Sunday 16 September 2018

Fools Gold

This week was dominated by the actions, or inactions, of the ERG.

The ERG is a party within the Parliamentary Conservative Party, funded by channeling member expenses into it. This may be against the rules of The House. Or not.

It is made up of about 80 members, 40 have made themselves public, about 40 are unknown.

They are forcing the Government into actions which are not in the country's interest, and certainly not democratic. The ERG also cannot agree on what Brexit means, but are trying hell for leather to make it happen in whatever form it takes, the harder the better.

They published two papers, one on some of the roadblocks, and the other on the Irish border. That both papers were just rehashes of the MaxFac plan rejected by the EU last summer, on a regular basis since then, whenever the Government repackages it into a package with different wrapping.

This does two things, looks like the ERG are trying to fix the clusterfuck they help create, and when the EU rejects the papers, they can blame the EU for being unbending and unwilling to compromise.

The ERg hope to gather enough support to be able to block anything based on the Chequers paper, thus forcing the Government to present a take it or leave it WA in the late winter. Or better, a deal so bad that Parliament cannot accept it, and the UK falls out of the EU by default.

Today, arch Brexiteer Micheal Gove stated: "A future prime minister can always change the relationship with the EU", meaning that a Brexiteer PM would not honour any WA. THis is not a surprise, really, but to say it out loud is worrying, as much as threatening not to honour the financial settlement.
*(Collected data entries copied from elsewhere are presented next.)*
(* Let $S'$ be a martingale on $2^{<\omega}$ with $\mathrm{Var}(S'\mid\bot)<\infty$, and let $c>S'(\bot)$. Then for every real $\hat c\ge 0$ there exists a martingale $S$ such that $S(\bot)<c$, $S(\rho)>S'(\rho)$ for all $\rho\in2^{<\omega}$, and for some $t\in\omega$, $S(\rho)>S'(\rho)+\hat c\sqrt{\mathrm{Var}(S'\mid\rho)}$ for all $\rho\in 2^t$.
   Context: A martingale is a function $S:2^{<\omega}\to\mathbb{R}^{\ge0}$ with $2S(\rho)=S(\rho0)+S(\rho1)$ for all $\rho$; $\bot$ is the empty string. For a martingale $S$ and $\rho\in2^{<\omega}$, $\mathrm{Var}(S\mid\rho)=\lim_{t\to\infty}2^{-(t-|\rho|)}\sum_{\sigma\in 2^t,\ \sigma\succeq\rho}(S(\sigma)-S(\rho))^2$. *)

From Stdlib Require Import Reals List.
From Coquelicot Require Import Coquelicot.
Open Scope R_scope.

(* Binary strings 2^{<omega} are lists of booleans; rho0 = rho ++ [false],
   rho1 = rho ++ [true]; bot = nil. *)
Definition bstr := list bool.

Fixpoint strings (t : nat) : list bstr :=
  match t with
  | O => nil :: nil
  | S t' => flat_map (fun s => (s ++ false :: nil) :: (s ++ true :: nil) :: nil) (strings t')
  end.

Fixpoint prefixb (rho sigma : bstr) : bool :=
  match rho, sigma with
  | nil, _ => true
  | a :: r, b :: s => Bool.eqb a b && prefixb r s
  | _ :: _, nil => false
  end.

Definition sumR (l : list R) : R := fold_right Rplus 0 l.

Definition martingale (S : bstr -> R) : Prop :=
  forall rho, 0 <= S rho /\ 2 * S rho = S (rho ++ false :: nil) + S (rho ++ true :: nil).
And at the same time showing there is no honour at all in the ERG.

Its like Gove and his ilk are trying to destroy the last semblance of credibility the country has left, by suggesting that any WA or TA would not be written in stone, and up for grabs again. In a way this is partially an accurate description of Brexit, in that Brexit is not an event, but a process, a process that will never end, as trade and regulation change, so the WA would also have to change. Brexit would be never ending, though if a future ERG lead Conservative Government it probably would never start.

Finally, a point I'd like to make. In place of the void where policy should be, what is legally possible or impossible will determine what form Brexit willg take. This is Brexit by default, by accident, which means that although no Brexiteers can agree on what Brexit is, they probably won't like the final form it will take either.